Arabo has taken stands against measures affecting small business members like the proposed plastic grocery bag ban in San Diego, as well as other ordinances. Arabo has been a constant vocal supporter for the rights and protection of small businesses in the face of corporate interest. In his presidency at the Neighborhood Market Association, Arabo has worked on grassroots efforts in stopping corporate and big-box influence from adversely affecting the small business community.

Arabo recently posted a $10,000 bounty on the "North Park Creep" who had sexually assaulted more than 6 women in the North Park area.
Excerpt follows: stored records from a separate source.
Lemma jac_gen_embl g : jac_gen S g -> jac_gen ST (embl g).
Proof.
move=> [xi Exi]; exists (sum_map xi (fun _ => 0)) => p.
have [p_in|p_out] := boolP (all isl (parrows p)); last first.
  by rewrite cder_sum_pot_outl // emblE /cpa_emb (negbTE p_out).
have [q ->] := qpath_map_onto inl_src inl_tgt (@getlK _ _) p_in.
by rewrite embl_map cder_sum_pot_inl.
Qed.

Lemma jac_gen_restrl g : jac_gen ST g -> jac_gen S (restrl g).
Proof.
move=> [xi Exi]; exists (fun a => xi (inl a)) => q.
by rewrite /restrl /cpa_restr Exi cder_sum_pot_inl.
Qed.

Lemma jac_ideal_embl x : jac_ideal S x <-> jac_ideal ST (embl x).
Proof.
split=> Jx.
  apply: mclosure_transfer Jx => [n f g|y].
    exact: (cpa_emb_cont inl_src inl_tgt (@inlK _ _) (@getlK _ _)).
  apply: ideal_gen_transfer; last exact: jac_gen_embl.
    exact: (cpa_embM inl_src inl_tgt (@inlK _ _) (@getlK _ _)).
  exact: cpa_emb_sum.
rewrite -(cpa_embK inl_src inl_tgt (@inlK _ _) x).
apply: mclosure_transfer Jx => [n f g E q lt_qn|y].
  by apply: E; rewrite /plen /= size_map.
apply: ideal_gen_transfer; last exact: jac_gen_restrl.
  exact: cpa_restrM.
by move=> z n F E q; rewrite /restrl /cpa_restr E.
Qed.

Hypothesis T_arrows : forall f : cpa K srcC tgtC,
  (forall p, plen p != 1%N -> f p = 0) <-> jac_gen T f.

Lemma jac_gen_arrow_inr c : jac_gen ST (cpa_arrow (inr c)).
Proof.
have [xi Exi] : jac_gen T (cpa_arrow c).
  by apply/T_arrows => p; rewrite /cpa_arrow /plen; case: (parrows p =P [:: c]) => // ->.
exists (sum_map (fun _ => 0) xi) => p.
have [p_in|p_out] := boolP (all isr (parrows p)); last first.
  rewrite cder_sum_pot_outr // /cpa_arrow; case: eqP => // E.
  by rewrite E in p_out.
have [q ->] := qpath_map_onto inr_src inr_tgt (@getrK _ _) p_in.
rewrite cder_sum_pot_inr // -Exi /cpa_arrow /=.
by rewrite parrows_map -[[:: inr c]]/(map inr [:: c]) (inj_eq (inj_map (pcan_inj (@inrK _ _)))).
Qed.

Lemma jac_ideal_sub_embl_restrl y : jac_ideal ST (cpa_add y (cpa_opp (embl (restrl y)))).
Proof.
apply: (mclosure_ideal_gen_arrows (bad := fun y => (@getl Ar Ca) y == None)).
  by case=> // c _; exact: jac_gen_arrow_inr.
move=> p p_in; have [|q ->] := qpath_map_onto inl_src inl_tgt (@getlK _ _) (p := p).
  by rewrite -all_predC in p_in; apply: sub_all p_in => -[].
by rewrite /cpa_add /cpa_opp embl_map subrr.
Qed.

End SumPotential.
A week after the bounty was posted, David Angelo Drake was booked Tuesday on six counts of assault with a deadly weapon, six counts of assault with the intent to commit sexual assault, five counts of battery, and two counts of sexual assault with a foreign object.

Mark Arabo is currently working on legislation within California that would mandate cameras for police officers. Arabo hopes to make body cameras mandatory for all police forces within the United States. Arabo has been a leading voice in the fight to keep Father Noel and 14 other priests from deportation to a war-torn Iraq. His efforts in conjunction with St. Peter's led to the Vatican overturning a ruling by the patriarch keeping the priests in San Diego.
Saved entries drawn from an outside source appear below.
(* Let $g$ be an associative algebra equipped with a nondegenerate symmetric bilinear form $\langle\cdot,\cdot\rangle$ satisfying $\langle u v,w\rangle=\langle u,v w\rangle$ for all $u,v,w\in g$. Let $n\ge 1$ and let $\mathbf{g}=g\oplus\cdots\oplus g$ ($n$ copies) with componentwise multiplication and bilinear form $\langle\langle \mathbf{u},\mathbf{v}\rangle\rangle=\sum_{k=1}^n\langle u_k,v_k\rangle$. Let $\mathbf{A}$ be a linear operator on $\mathbf{g}$, written in components as $(\mathbf{A}(\mathbf{u}))_i=\sum_{j=1}^n A_{ij}(u_j)$ with linear operators $A_{ij}$ on $g$, and suppose $\mathbf{A}$ is skew-symmetric, i.e. $A_{ij}^*=-A_{ji}$ for all $i,j$. Let $\alpha$ be a constant. Then $\mathbf{A}$ satisfies mYB$(\mathbf{A};\alpha)$ on $\mathbf{g}$ if and only if all of the following hold: (1) mYB$(A_{jj};\alpha)$ for every $j=1,\dots,n$; (2) Hom$(A_{ij},A_{jj})$ for every $i\neq j$; (3) for every triple $i<j<k$ and all $X,Y\in g$: $[A_{ij}(X),A_{ik}(Y)]=A_{ik}\big([A_{kj}(X),Y]\big)+A_{ij}\big([X,A_{jk}(Y)]\big)$.
   Context: $[X,Y]=XY-YX$ denotes the commutator (in $\mathbf{g}$ it is taken componentwise). For a linear operator $X$ on $g$, $X^*$ denotes its adjoint with respect to $\langle\cdot,\cdot\rangle$. For a linear operator $R$ on an associative algebra and a constant $\alpha$, the condition mYB$(R;\alpha)$ means $[R(X),R(Y)]=R\big([R(X),Y]+[X,R(Y)]\big)-\alpha[X,Y]$ for all $X,Y$. For linear operators $S,A$, the condition Hom$(S,A)$ means $[S(X),S(Y)]=S\big([A(X),Y]+[X,A(Y)]\big)$ for all $X,Y$. *)

From HB Require Import structures.
From mathcomp Require Import all_boot all_order all_algebra.
Set Implicit Arguments. Unset Strict Implicit. Unset Printing Implicit Defensive.
Import GRing.Theory.
Local Open Scope ring_scope.

Section Defs.
Variables (K : fieldType) (V : lmodType K).

Definition commr (mul : V -> V -> V) (x y : V) : V := mul x y - mul y x.

Definition mYB (mul : V -> V -> V) (R : V -> V) (alpha : K) : Prop :=
  forall X Y : V,
    commr mul (R X) (R Y)
    = R (commr mul (R X) Y + commr mul X (R Y)) - alpha *: commr mul X Y.

Definition HomCond (mul : V -> V -> V) (S A : V -> V) : Prop :=
  forall X Y : V,
    commr mul (S X) (S Y) = S (commr mul (A X) Y + commr mul X (A Y)).

Definition assoc_bilinear_mul (mul : V -> V -> V) : Prop :=
  (forall a x y z, mul (a *: x + y) z = a *: mul x z + mul y z) /\
  (forall a x y z, mul x (a *: y + z) = a *: mul x y + mul x z) /\
  (forall x y z, mul x (mul y z) = mul (mul x y) z).

Definition invariant_form (mul : V -> V -> V) (B : V -> V -> K) : Prop :=
  (forall a x y z, B (a *: x + y) z = a * B x z + B y z) /\
  (forall x y, B x y = B y x) /\
  (forall x, (forall y, B x y = 0) -> x = 0) /\
  (forall u v w, B (mul u v) w = B u (mul v w)).
End Defs.

Definition bmul (K : fieldType) (V : lmodType K) (n : nat) (mul : V -> V -> V)
  (u v : {ffun 'I_n -> V}) : {ffun 'I_n -> V} :=
  [ffun i => mul (u i) (v i)].

Definition bop (K : fieldType) (V : lmodType K) (n : nat)
  (A : 'I_n -> 'I_n -> {linear V -> V}) (u : {ffun 'I_n -> V}) : {ffun 'I_n -> V} :=
  [ffun i => \sum_(j < n) A i j (u j)].

(** The i-th component of the mYB defect of the block operator A at (X, Y) is
    the double sum over j, k of a block defect D_ijk(X_j, Y_k), so A satisfies
    mYB iff every D_ijk vanishes.  Skew-symmetry of A and invariance of the form
    make this family equivariant under permutations of (i, j, k):
    D_ijk(x, y) = - D_ikj(y, x) and <D_ijk(x, y), z> = <D_jki(y, z), x>.  By
    nondegeneracy, whether D_ijk vanishes therefore depends only on the multiset
    {i, j, k}, and conditions (1)-(3) are its vanishing on one representative of
    each orbit. *)

From HB Require Import structures.
From mathcomp Require Import all_boot all_order all_algebra.
From mathcomp Require Import ring.
Import Order.TTheory GRing.Theory.
Local Open Scope ring_scope.

Lemma perm3_closed_total d (T : orderType d) (P : T -> T -> T -> Prop) :
  (forall i j k, P i j k -> P i k j) ->
  (forall i j k, P j k i -> P i j k) ->
  (forall i j, P i j j) ->
  (forall i j k, (i < j)%O -> (j < k)%O -> P i j k) ->
  forall i j k, P i j k.
Proof.
move=> swap23 rot Pijj Plt i j k.
have swap12 a b c : P b a c -> P a b c by move/swap23/rot.
have rot2 a b c : P c a b -> P a b c by move/rot/rot.
wlog le_ij : i j k / (i <= j)%O.
  move=> H; case: (leP i j) => [/H //|/ltW le_ji].
  by apply: swap12; apply: H.
wlog le_ik : i j k le_ij / (i <= k)%O.
  move=> H; case: (leP i k) => [|lt_ki]; first exact: H.
  by apply: rot2; apply: H; rewrite ltW // (lt_le_trans lt_ki).
wlog le_jk : j k le_ij le_ik / (j <= k)%O.
  move=> H; case: (leP j k) => [|/ltW le_kj]; first exact: H.
  by apply: swap23; apply: H.
move: le_ij le_jk; rewrite !le_eqVlt => /predU1P[<-|lt_ij] /predU1P[<-|lt_jk].
- exact: Pijj.
- exact: rot2.
- exact: Pijj.
- exact: Plt.
Qed.

Section MYBDefect.
Context {K : fieldType} {V : lmodType K}.
Variable mul : V -> V -> V.

Local Notation "[ x , y ]" := (commr mul x y).

Definition mYB_defect (R : V -> V) (alpha : K) (X Y : V) : V :=
  [R X, R Y] - (R ([R X, Y] + [X, R Y]) - alpha *: [X, Y]).

Lemma mYBP R alpha :
  mYB mul R alpha <-> forall X Y, mYB_defect R alpha X Y = 0.
Proof.
split=> H X Y; first by rewrite /mYB_defect H subrr.
by apply/eqP; rewrite -subr_eq0; apply/eqP; apply: H.
Qed.

End MYBDefect.

Section Commutator.
Context {K : fieldType} {V : lmodType K} {mul : V -> V -> V}.

Local Notation "[ x , y ]" := (commr mul x y).

Lemma commr_antisym x y : [x, y] = - [y, x].
Proof. by rewrite /commr opprB. Qed.

Hypothesis mul_bilin : assoc_bilinear_mul mul.

Lemma mulDl x y z : mul (x + y) z = mul x z + mul y z.
Proof. by case: mul_bilin => mulZDl _; rewrite -[x]scale1r mulZDl !scale1r. Qed.

Lemma mulDr x y z : mul x (y + z) = mul x y + mul x z.
Proof. by case: mul_bilin => _ [mulZDr _]; rewrite -[y]scale1r mulZDr !scale1r. Qed.

Lemma commrDl x y z : [x + y, z] = [x, z] + [y, z].
Proof. by rewrite /commr mulDl mulDr opprD addrACA. Qed.

Lemma commrDr x y z : [x, y + z] = [x, y] + [x, z].
Proof. by rewrite /commr mulDl mulDr opprD addrACA. Qed.

Lemma commr0l z : [0, z] = 0.
Proof. by apply: (addrI [0, z]); rewrite -commrDl !addr0. Qed.

Lemma commr0r z : [z, 0] = 0.
Proof. by apply: (addrI [z, 0]); rewrite -commrDr !addr0. Qed.

Lemma commr_suml I (r : seq I) (P : pred I) (F : I -> V) z :
  [\sum_(i <- r | P i) F i, z] = \sum_(i <- r | P i) [F i, z].
Proof. exact: (big_morph (commr mul ^~ z) (fun x y => commrDl x y z) (commr0l z)). Qed.

Lemma commr_sumr I (r : seq I) (P : pred I) (F : I -> V) z :
  [z, \sum_(i <- r | P i) F i] = \sum_(i <- r | P i) [z, F i].
Proof. exact: (big_morph (commr mul z) (commrDr z) (commr0r z)). Qed.

End Commutator.

Section InvariantForm.
Context {K : fieldType} {V : lmodType K} {mul : V -> V -> V} {B : V -> V -> K}.
Hypothesis B_inv : invariant_form mul B.

Lemma formZDl a x y z : B (a *: x + y) z = a * B x z + B y z.
Proof. by case: B_inv => ZDl _; apply: ZDl. Qed.

Lemma formC x y : B x y = B y x.
Proof. by case: B_inv => _ [sym _]; apply: sym. Qed.

Lemma form_nondegenerate x : (forall y, B x y = 0) -> x = 0.
Proof. by case: B_inv => _ [_ [nondeg _]]; apply: nondeg. Qed.

Lemma formDl x y z : B (x + y) z = B x z + B y z.
Proof. by rewrite -[x]scale1r formZDl mul1r scale1r. Qed.

Lemma form0l z : B 0 z = 0.
Proof. by apply: (addrI (B 0 z)); rewrite -formDl !addr0. Qed.

Lemma formZl a x z : B (a *: x) z = a * B x z.
Proof. by rewrite -[a *: x]addr0 formZDl form0l addr0. Qed.

Lemma formNl x z : B (- x) z = - B x z.
Proof. by rewrite -scaleN1r formZl mulN1r. Qed.

Lemma formBl x y z : B (x - y) z = B x z - B y z.
Proof. by rewrite formDl formNl. Qed.

Lemma form_commr x y z : B (commr mul x y) z = B x (commr mul y z).
Proof.
have mulA u v w : B (mul u v) w = B u (mul v w).
  by case: B_inv => _ [_ [_ inv]]; apply: inv.
rewrite /commr formBl [RHS]formC formBl !mulA.
by rewrite [B x _]formC mulA [B z _]formC mulA.
Qed.

End InvariantForm.

Section BlockOperator.
Context {K : fieldType} {V : lmodType K} {mul : V -> V -> V} {n : nat}.
Hypothesis mul_bilin : assoc_bilinear_mul mul.
Variables (A : 'I_n -> 'I_n -> {linear V -> V}) (alpha : K).

Local Notation "[ x , y ]" := (commr mul x y).

Definition block_defect i j k x y : V :=
  [A i j x, A i k y] - (A i k [A k j x, y] + A i j [x, A j k y]
                        - alpha *: [x, y] *+ ((i == j) && (i == k))).

Definition block_mYB i j k := forall x y, block_defect i j k x y = 0.

Lemma block_defect_swap i j k x y : block_defect i j k x y = - block_defect i k j y x.
Proof.
rewrite /block_defect (commr_antisym (A i k y)) (commr_antisym (A j k y)).
rewrite (commr_antisym y (A k j x)) (commr_antisym y x) !linearN /= andbC.
set a := [A i j x, _]; set b := A i k _; set c := A i j _.
by rewrite mulNrn !opprD !opprK [- c - b]addrC.
Qed.

Lemma block_mYB_swap i j k : block_mYB i j k -> block_mYB i k j.
Proof. by move=> D x y; rewrite block_defect_swap D oppr0. Qed.

Lemma block_defect_diag j x y :
  block_defect j j j x y = mYB_defect mul (A j j) alpha x y.
Proof.
by rewrite /block_defect /mYB_defect eqxx /= mulr1n (linearD (A j j) [_, y]).
Qed.

Lemma block_mYB_diag j : block_mYB j j j <-> mYB mul (A j j) alpha.
Proof.
rewrite mYBP /block_mYB.
by split=> D x y; have := D x y; rewrite block_defect_diag.
Qed.

Lemma block_mYB_offdiag i j k : i != j ->
  block_mYB i j k <->
  forall x y, [A i j x, A i k y] = A i k [A k j x, y] + A i j [x, A j k y].
Proof.
move=> /negbTE nij.
have defectE x y :
    block_defect i j k x y
    = [A i j x, A i k y] - (A i k [A k j x, y] + A i j [x, A j k y]).
  by rewrite /block_defect nij mulr0n subr0.
split=> D x y; first by apply/eqP; rewrite -subr_eq0 -defectE D.
by rewrite defectE D subrr.
Qed.

Lemma block_mYB_hom i j : i != j -> block_mYB i j j <-> HomCond mul (A i j) (A j j).
Proof.
by move/block_mYB_offdiag=> ->; split=> D x y; rewrite D (linearD (A i j) [_, y]).
Qed.

Lemma block_defect0l i j k y : block_defect i j k 0 y = 0.
Proof.
by rewrite /block_defect !(linear0, commr0l mul_bilin, scaler0, mul0rn) !addr0 subrr.
Qed.

Lemma block_defect0r i j k x : block_defect i j k x 0 = 0.
Proof.
by rewrite /block_defect !(linear0, commr0r mul_bilin, scaler0, mul0rn) !addr0 subrr.
Qed.

Definition embed (j : 'I_n) (x : V) : {ffun 'I_n -> V} := [ffun l => x *+ (l == j)].

Lemma sum_embed {W : zmodType} (F : 'I_n -> V -> W) j x :
  (forall l, F l 0 = 0) -> \sum_l F l (embed j x l) = F j x.
Proof.
move=> F0; rewrite (bigD1 j) //= big1 => [|l /negbTE nlj].
  by rewrite ffunE eqxx mulr1n addr0.
by rewrite ffunE nlj mulr0n F0.
Qed.

Lemma commr_bmulE (u v : {ffun 'I_n -> V}) i : commr (bmul mul) u v i = [u i, v i].
Proof. by rewrite !ffunE. Qed.

Lemma bopE (u : {ffun 'I_n -> V}) i : bop A u i = \sum_(j < n) A i j (u j).
Proof. by rewrite ffunE. Qed.

Lemma mYB_defect_bop X Y i :
  mYB_defect (bmul mul) (bop A) alpha X Y i
  = \sum_j \sum_k block_defect i j k (X j) (Y k).
Proof.
have addE (f g : {ffun 'I_n -> V}) l : (f + g) l = f l + g l by rewrite !ffunE.
have subE (f g : {ffun 'I_n -> V}) l : (f - g) l = f l - g l by rewrite !ffunE.
have scaleE a (f : {ffun 'I_n -> V}) l : (a *: f) l = a *: f l by rewrite !ffunE.
rewrite /mYB_defect (subE (commr _ _ _)) commr_bmulE (subE (bop A _)) scaleE.
rewrite commr_bmulE !bopE.
have -> : [\sum_j A i j (X j), \sum_k A i k (Y k)]
          = \sum_j \sum_k [A i j (X j), A i k (Y k)].
  rewrite (commr_suml mul_bilin); apply: eq_bigr => j _.
  by rewrite (commr_sumr mul_bilin).
have -> : \sum_l A i l ((commr (bmul mul) (bop A X) Y + commr (bmul mul) X (bop A Y)) l)
          = \sum_j \sum_k (A i k [A k j (X j), Y k] + A i j [X j, A j k (Y k)]).
  rewrite [RHS](eq_bigr _ (fun j _ => big_split _ _ _ _ _)) big_split /=.
  rewrite [S in _ = S + _]exchange_big -big_split /=; apply: eq_bigr => l _.
  rewrite addE !commr_bmulE !bopE (commr_suml mul_bilin) (commr_sumr mul_bilin).
  by rewrite linearD !linear_sum.
have -> : alpha *: [X i, Y i]
          = \sum_j \sum_k alpha *: [X j, Y k] *+ ((i == j) && (i == k)).
  rewrite (bigD1 i) //= (bigD1 i) //= eqxx mulr1n.
  rewrite big1 => [|k /negbTE nki]; last by rewrite eq_sym nki mulr0n.
  rewrite big1 ?addr0 // => j /negbTE nji.
  by rewrite big1 // => k _; rewrite [i == j]eq_sym nji /= mulr0n.
apply/esym; rewrite /block_defect.
under eq_bigr => j _ do rewrite sumrB [S in _ - S]sumrB.
by rewrite sumrB [S in _ - S]sumrB.
Qed.

Lemma mYB_blocks : mYB (bmul mul) (bop A) alpha <-> forall i j k, block_mYB i j k.
Proof.
rewrite mYBP; split=> [D i j k x y | D X Y]; last first.
  apply/ffunP => i; rewrite mYB_defect_bop ffunE big1 // => j _.
  by rewrite big1 // => k _; apply: D.
have := congr1 (fun f : {ffun 'I_n -> V} => f i) (D (embed j x) (embed k y)).
rewrite /= mYB_defect_bop ffunE.
rewrite (sum_embed (fun l v => \sum_m block_defect i l m v (embed k y m))); last first.
  by move=> l; rewrite big1 // => m _; apply: block_defect0l.
by rewrite (sum_embed (block_defect i j ^~ x)) // => m; apply: block_defect0r.
Qed.

Variable B : V -> V -> K.
Hypothesis B_inv : invariant_form mul B.
Hypothesis A_skew : forall i j x y, B (A i j x) y = - B x (A j i y).

Lemma block_defect_rotate i j k x y z :
  B (block_defect i j k x y) z = B (block_defect j k i y z) x.
Proof.
have delta_rot : (i == j) && (i == k) = (j == k) && (j == i).
  by rewrite [j == i]eq_sym; case: eqP => [->|_]; rewrite ?andbT ?andbF.
have first_term : B [A i j x, A i k y] z = - B (A j i [A i k y, z]) x.
  by rewrite (form_commr B_inv) A_skew (formC B_inv).
have second_term : B (A i k [A k j x, y]) z = B (A j k [y, A k i z]) x.
  by rewrite A_skew (form_commr B_inv) A_skew opprK (formC B_inv).
have third_term : B (A i j [x, A j k y]) z = - B [A j k y, A j i z] x.
  by rewrite A_skew (form_commr B_inv) (formC B_inv).
have alpha_term : B [x, y] z = B [y, z] x by rewrite (form_commr B_inv) (formC B_inv).
rewrite /block_defect -delta_rot.
rewrite (formBl B_inv [A i j x, _]) (formBl B_inv [A j k y, _]) !(formBl B_inv (_ + _)).
rewrite !(formDl B_inv (A _ _ _)) first_term second_term third_term.
case: (_ && _); rewrite ?mulr1n ?mulr0n ?(formZl B_inv) ?(form0l B_inv) ?alpha_term.
all: ring.
Qed.

Lemma block_mYB_rotate i j k : block_mYB j k i -> block_mYB i j k.
Proof.
move=> D x y; apply: (form_nondegenerate B_inv) => z.
by rewrite block_defect_rotate D (form0l B_inv).
Qed.

End BlockOperator.

Theorem proposition3 (K : fieldType) (V : lmodType K)
  (mul : V -> V -> V) (B : V -> V -> K)
  (Hmul : assoc_bilinear_mul mul) (HB : invariant_form mul B)
  (n : nat) (Hn : (0 < n)%N)
  (A : 'I_n -> 'I_n -> {linear V -> V})
  (Hskew : forall (i j : 'I_n) (x y : V), B (A i j x) y = - B x (A j i y))
  (alpha : K) :
  mYB (bmul mul) (bop A) alpha <->
  [/\ (forall j : 'I_n, mYB mul (A j j) alpha),
      (forall i j : 'I_n, i != j -> HomCond mul (A i j) (A j j)) &
      (forall (i j k : 'I_n), (i < j)%N -> (j < k)%N -> forall X Y : V,
         commr mul (A i j X) (A i k Y)
         = A i k (commr mul (A k j X) Y) + A i j (commr mul X (A j k Y)))].
Proof.
have neq_lt (i j : 'I_n) : (i < j)%N -> i != j.
  by move=> lt_ij; rewrite (lt_eqF (lt_ij : (i < j)%O)).
apply: (iff_trans (mYB_blocks Hmul A alpha)).
split=> [D | [diag hom tri]].
  split=> [j | i j nij | i j k lt_ij lt_jk].
  - exact/block_mYB_diag/D.
  - exact/(block_mYB_hom A alpha _ _ nij)/D.
  - exact/(block_mYB_offdiag A alpha _ _ _ (neq_lt _ _ lt_ij))/D.
apply: perm3_closed_total => [i j k | i j k | i j | i j k lt_ij lt_jk].
- exact: block_mYB_swap.
- exact: (block_mYB_rotate A alpha B HB Hskew).
- case: (eqVneq i j) => [<-|nij]; first exact/block_mYB_diag/diag.
  exact/(block_mYB_hom A alpha _ _ nij)/hom.
- exact/(block_mYB_offdiag A alpha _ _ _ (neq_lt _ _ lt_ij))/(tri _ _ _ lt_ij lt_jk).
Qed.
As of 2019, Arabo has been a vocal supporter of the Joe Biden presidential campaign, holding numerous fundraising events with the former Vice President of the United States. The Vice President and Arabo have interests aligned in supporting the ethnic Iraqi Christian minority. In February 2019, Arabo wrote an op-ed in the San Diego Union-Tribune about his support for Joe Biden.

In 2020, Mark Arabo was also a member of the National Finance Committee for the Biden for President campaign, having raised over $100,000 for the Joe Biden campaign. He also endorsed Biden in early summer 2019 when he hosted him at his house. Arabo was also among the list of invited attendees for the 2021 inauguration of Joe Biden, although he did not attend in person due to security measures implemented after the U.S. Capitol attack.

In June 2020, Arabo worked to raise money for the family of George Floyd while applauding Governor Gavin Newsom for his work in the passage of police reform bill, AB 392.

In May 2025 Mark Arabo was awarded an honorary doctorate from his alma mater, San Diego State University. As part of the conferral, Arabo gave the commencement address to the 2025 graduating class of the San Diego State University Fowler College of Business.

==Personal life==
Arabo resides in San Diego with his wife Randa Arabo and their four children. His brother, Auday Arabo, ran for California State Assembly in 2008.